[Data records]
(* Let $\beta_\bullet\in\{\beta,\beta_v\}$ and let $\rightsquigarrow_U$ be the unbiased iteration of the associated surface reduction (as in the context). For all terms $U,N$: if $U\to_{\beta_\bullet}N$ and not $U\rightsquigarrow_UN$, then $N$ is not $\beta_\bullet$-normal.
   Context: Terms $\Lambda_{\mathcal O}$: $M::=x\mid\lambda x.M\mid MM\mid\mathsf{op}(M,\dots,M)$ with $\mathsf{op}$ in a (possibly empty) set $\mathcal O$ of operator symbols with fixed arities; values $V::=x\mid\lambda x.M$. Contexts $C::=[\,]\mid MC\mid CM\mid\lambda x.C\mid\mathsf{op}(M,\dots,C,\dots,M)$. Rules $(\lambda x.M)N\mapsto_\beta M\{N/x\}$, $(\lambda x.M)V\mapsto_{\beta_v}M\{V/x\}$ ($V$ a value); $\to_{\beta_\bullet}$ is the closure under all contexts. Surface reduction $\to_s$: for $\beta$, closure of $\beta$ under head contexts $H::=[\,]\mid\lambda x.H\mid HM$; for $\beta_v$, closure of $\beta_v$ under weak contexts $W::=[\,]\mid WM\mid MW$. $\rightsquigarrow_U$ is defined inductively: if $M\to_sM'$ then $M\rightsquigarrow_UM'$; if $M$ is $\to_s$-normal: $\lambda x.P\rightsquigarrow_U\lambda x.P'$ if $P\rightsquigarrow_UP'$; $PQ\rightsquigarrow_UP'Q$ if $P\rightsquigarrow_UP'$; $PQ\rightsquigarrow_UPQ'$ if $Q\rightsquigarrow_UQ'$; $\mathsf{op}(\dots,P_i,\dots)\rightsquigarrow_U\mathsf{op}(\dots,P_i',\dots)$ if $P_i\rightsquigarrow_UP_i'$. *)

(* Lambda terms with operators, in de Bruijn notation
   (terms up to alpha-equivalence). *)
From Stdlib Require Import List Arith.
Import ListNotations.

Section Lambda.
Variable Op : Type.
Variable arity : Op -> nat.

Inductive term : Type :=
| Var : nat -> term
| Lam : term -> term
| App : term -> term -> term
| OpT : Op -> list term -> term.

Fixpoint wf (t : term) : Prop :=
  match t with
  | Var _ => True
  | Lam b => wf b
  | App a b => wf a /\ wf b
  | OpT o ts => length ts = arity o /\ (fix wfl (l : list term) : Prop :=
                   match l with [] => True | u :: l' => wf u /\ wfl l' end) ts
  end.

Fixpoint shift (d c : nat) (t : term) : term :=
  match t with
  | Var n => if Nat.ltb n c then Var n else Var (n + d)
  | Lam b => Lam (shift d (S c) b)
  | App a b => App (shift d c a) (shift d c b)
  | OpT o ts => OpT o (map (shift d c) ts)
  end.

Fixpoint subst (k : nat) (u : term) (t : term) : term :=
  match t with
  | Var n => if Nat.ltb n k then Var n
             else if Nat.eqb n k then shift k 0 u else Var (pred n)
  | Lam b => Lam (subst (S k) u b)
  | App a b => App (subst k u a) (subst k u b)
  | OpT o ts => OpT o (map (subst k u) ts)
  end.

Definition beta_subst (M N : term) : term := subst 0 N M.

Definition is_value (t : term) : Prop :=
  match t with Var _ | Lam _ => True | _ => False end.

Inductive calculus : Type := CBN | CBV.

Inductive root_step : calculus -> term -> term -> Prop :=
| root_beta : forall M N, root_step CBN (App (Lam M) N) (beta_subst M N)
| root_betav : forall M V, is_value V -> root_step CBV (App (Lam M) V) (beta_subst M V).

Inductive step (c : calculus) : term -> term -> Prop :=
| st_root : forall M N, root_step c M N -> step c M N
| st_lam : forall M M', step c M M' -> step c (Lam M) (Lam M')
| st_appL : forall M M' N, step c M M' -> step c (App M N) (App M' N)
| st_appR : forall M N N', step c N N' -> step c (App M N) (App M N')
| st_op : forall o l1 l2 M M', step c M M' ->
    step c (OpT o (l1 ++ M :: l2)) (OpT o (l1 ++ M' :: l2)).

Inductive surf : calculus -> term -> term -> Prop :=
| sf_root : forall c M N, root_step c M N -> surf c M N
(* head contexts for beta: [] | lambda x.H | H M *)
| sf_lam_n : forall M M', surf CBN M M' -> surf CBN (Lam M) (Lam M')
| sf_appL_n : forall M M' N, surf CBN M M' -> surf CBN (App M N) (App M' N)
(* weak contexts for beta_v: [] | W M | M W *)
| sf_appL_v : forall M M' N, surf CBV M M' -> surf CBV (App M N) (App M' N)
| sf_appR_v : forall M N N', surf CBV N N' -> surf CBV (App M N) (App M N').

Definition surf_normal (c : calculus) (M : term) : Prop := forall N, ~ surf c M N.

Inductive unbiased (c : calculus) : term -> term -> Prop :=
| ub_surf : forall M M', surf c M M' -> unbiased c M M'
| ub_lam : forall P P', surf_normal c (Lam P) ->
    unbiased c P P' -> unbiased c (Lam P) (Lam P')
| ub_appL : forall P P' Q, surf_normal c (App P Q) ->
    unbiased c P P' -> unbiased c (App P Q) (App P' Q)
| ub_appR : forall P Q Q', surf_normal c (App P Q) ->
    unbiased c Q Q' -> unbiased c (App P Q) (App P Q')
| ub_op : forall o l1 l2 P P', surf_normal c (OpT o (l1 ++ P :: l2)) ->
    unbiased c P P' -> unbiased c (OpT o (l1 ++ P :: l2)) (OpT o (l1 ++ P' :: l2)).

Definition normal (c : calculus) (M : term) : Prop := forall N, ~ step c M N.

End Lambda.

Arguments Var {Op}.
Arguments Lam {Op}.
Arguments App {Op}.
Arguments OpT {Op}.

(* At the root, [U ~>_U N] holds outright.
   Inside a context, if the enclosing term is surface normal then [~>_U] may
   descend into that context and the induction hypothesis applies. Otherwise the
   step is not a surface step (it would be a [~>_U] step), and such a step cannot
   destroy every surface redex: a surface redex it does not contract keeps a
   residual that is still a surface redex (for beta_v because steps map values
   to values). So [N] has a surface redex and is not normal. *)

Section SurfaceRedexes.

Context {Op : Type}.

Lemma surf_step {c : calculus} {M N : term Op} : surf Op c M N -> step Op c M N.
Proof.
  induction 1.
  - now apply st_root.
  - now apply st_lam.
  - now apply st_appL.
  - now apply st_appL.
  - now apply st_appR.
Qed.

Lemma normal_surf_normal {c : calculus} {M : term Op} :
  normal Op c M -> surf_normal Op c M.
Proof. intros Hn N Hs; exact (Hn N (surf_step Hs)). Qed.

Lemma step_lam_inv {c : calculus} {M N : term Op} :
  step Op c (Lam M) N -> exists M', N = Lam M' /\ step Op c M M'.
Proof.
  intros Hs; inversion Hs as [? ? Hr| | | |]; subst.
  - inversion Hr.
  - eauto.
Qed.

Lemma step_value {c : calculus} {V V' : term Op} :
  is_value Op V -> step Op c V V' -> is_value Op V'.
Proof.
  destruct V as [| | |]; simpl; try contradiction; intros _ Hs.
  - inversion Hs as [? ? Hr| | | |]; inversion Hr.
  - now destruct (step_lam_inv Hs) as [? [-> _]].
Qed.

Lemma root_redex_persists {c : calculus} {T T1 N : term Op} :
  root_step Op c T T1 -> step Op c T N ->
  root_step Op c T N \/ exists N1, root_step Op c N N1.
Proof.
  intros Hr; destruct Hr as [M A | M V Hv]; intros Hs;
    inversion Hs as [? ? Hroot | | ? F ? Hfun | ? ? A' Harg |]; subst;
    try (left; assumption); right.
  - destruct (step_lam_inv Hfun) as [M' [-> _]]; eexists; constructor.
  - eexists; constructor.
  - destruct (step_lam_inv Hfun) as [M' [-> _]]; eexists; now constructor.
  - eexists; constructor; exact (step_value Hv Harg).
Qed.

Lemma surf_redex_persists {c : calculus} {T T1 N : term Op} :
  surf Op c T T1 -> step Op c T N -> surf Op c T N \/ exists N1, surf Op c N N1.
Proof.
  intros HT1; revert N; induction HT1 as [? ? ? Hr | | | |]; intros N0 Hs.
  - destruct (root_redex_persists Hr Hs) as [H | [N1 H]];
      [left | right; exists N1]; now apply sf_root.
  - destruct (step_lam_inv Hs) as [M1 [-> Hs1]].
    destruct (IHHT1 M1 Hs1) as [H | [N1 H]];
      [left | right; exists (Lam N1)]; now apply sf_lam_n.
  - inversion Hs as [? ? Hr | | ? M1 ? Hl | ? ? N1 Hr |]; subst.
    + left; now apply sf_root.
    + destruct (IHHT1 _ Hl) as [H | [M2 H]];
        [left | right; exists (App M2 N)]; now apply sf_appL_n.
    + right; exists (App M' N1); now apply sf_appL_n.
  - inversion Hs as [? ? Hr | | ? M1 ? Hl | ? ? N1 Hr |]; subst.
    + left; now apply sf_root.
    + destruct (IHHT1 _ Hl) as [H | [M2 H]];
        [left | right; exists (App M2 N)]; now apply sf_appL_v.
    + right; exists (App M' N1); now apply sf_appL_v.
  - inversion Hs as [? ? Hr | | ? M1 ? Hl | ? ? N1 Hr |]; subst.
    + left; now apply sf_root.
    + right; exists (App M1 N'); now apply sf_appR_v.
    + destruct (IHHT1 _ Hr) as [H | [N2 H]];
        [left | right; exists (App M N2)]; now apply sf_appR_v.
Qed.

Lemma surf_normal_backward {c : calculus} {T N : term Op} :
  step Op c T N -> ~ surf Op c T N -> surf_normal Op c N -> surf_normal Op c T.
Proof.
  intros Hs Hns HN T1 HT1.
  destruct (surf_redex_persists HT1 Hs) as [H | [N1 H]].
  - exact (Hns H).
  - exact (HN N1 H).
Qed.

Lemma not_unbiased_surf_normal {c : calculus} {U N : term Op} :
  ~ unbiased Op c U N -> normal Op c N -> step Op c U N -> surf_normal Op c U.
Proof.
  intros Hu Hn Hs; apply (surf_normal_backward Hs).
  - intro H; apply Hu; now apply ub_surf.
  - exact (normal_surf_normal Hn).
Qed.

End SurfaceRedexes.

Theorem mainTheorem13 (Op : Type) (arity : Op -> nat) (c : calculus) (U N : term Op) :
  wf Op arity U -> step Op c U N -> ~ unbiased Op c U N -> ~ normal Op c N.
Proof.
  intros _ Hs; induction Hs as [? ? Hr | M M' Hs IH | M M' N Hs IH | M N N' Hs IH
                               | o l1 l2 M M' Hs IH];
    intros Hu Hn.
  - apply Hu, ub_surf, sf_root; exact Hr.
  - apply IH; [intro H | intros N1 H1; apply (Hn (Lam N1)); now apply st_lam].
    apply Hu, ub_lam; [| exact H].
    apply (not_unbiased_surf_normal Hu Hn); now apply st_lam.
  - apply IH; [intro H | intros N1 H1; apply (Hn (App N1 N)); now apply st_appL].
    apply Hu, ub_appL; [| exact H].
    apply (not_unbiased_surf_normal Hu Hn); now apply st_appL.
  - apply IH; [intro H | intros N1 H1; apply (Hn (App M N1)); now apply st_appR].
    apply Hu, ub_appR; [| exact H].
    apply (not_unbiased_surf_normal Hu Hn); now apply st_appR.
  - apply IH; [intro H | intros N1 H1; apply (Hn (OpT o (l1 ++ N1 :: l2))); now apply st_op].
    apply Hu, ub_op; [| exact H].
    apply (not_unbiased_surf_normal Hu Hn); now apply st_op.
Qed.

■ **EXERCISE DIRECTIONS**:
Once you find the line containing "now apply st_appL].", copy it and every line after it through the end of the records, exactly as they stand.

■ **EXERCISE RESULT**:
  - apply IH; [intro H | intros N1 H1; apply (Hn (App N1 N)); now apply st_appL].
    apply Hu, ub_appL; [| exact H].
    apply (not_unbiased_surf_normal Hu Hn); now apply st_appL.
  - apply IH; [intro H | intros N1 H1; apply (Hn (App M N1)); now apply st_appR].
    apply Hu, ub_appR; [| exact H].
    apply (not_unbiased_surf_normal Hu Hn); now apply st_appR.
  - apply IH; [intro H | intros N1 H1; apply (Hn (OpT o (l1 ++ N1 :: l2))); now apply st_op].
    apply Hu, ub_op; [| exact H].
    apply (not_unbiased_surf_normal Hu Hn); now apply st_op.
Qed.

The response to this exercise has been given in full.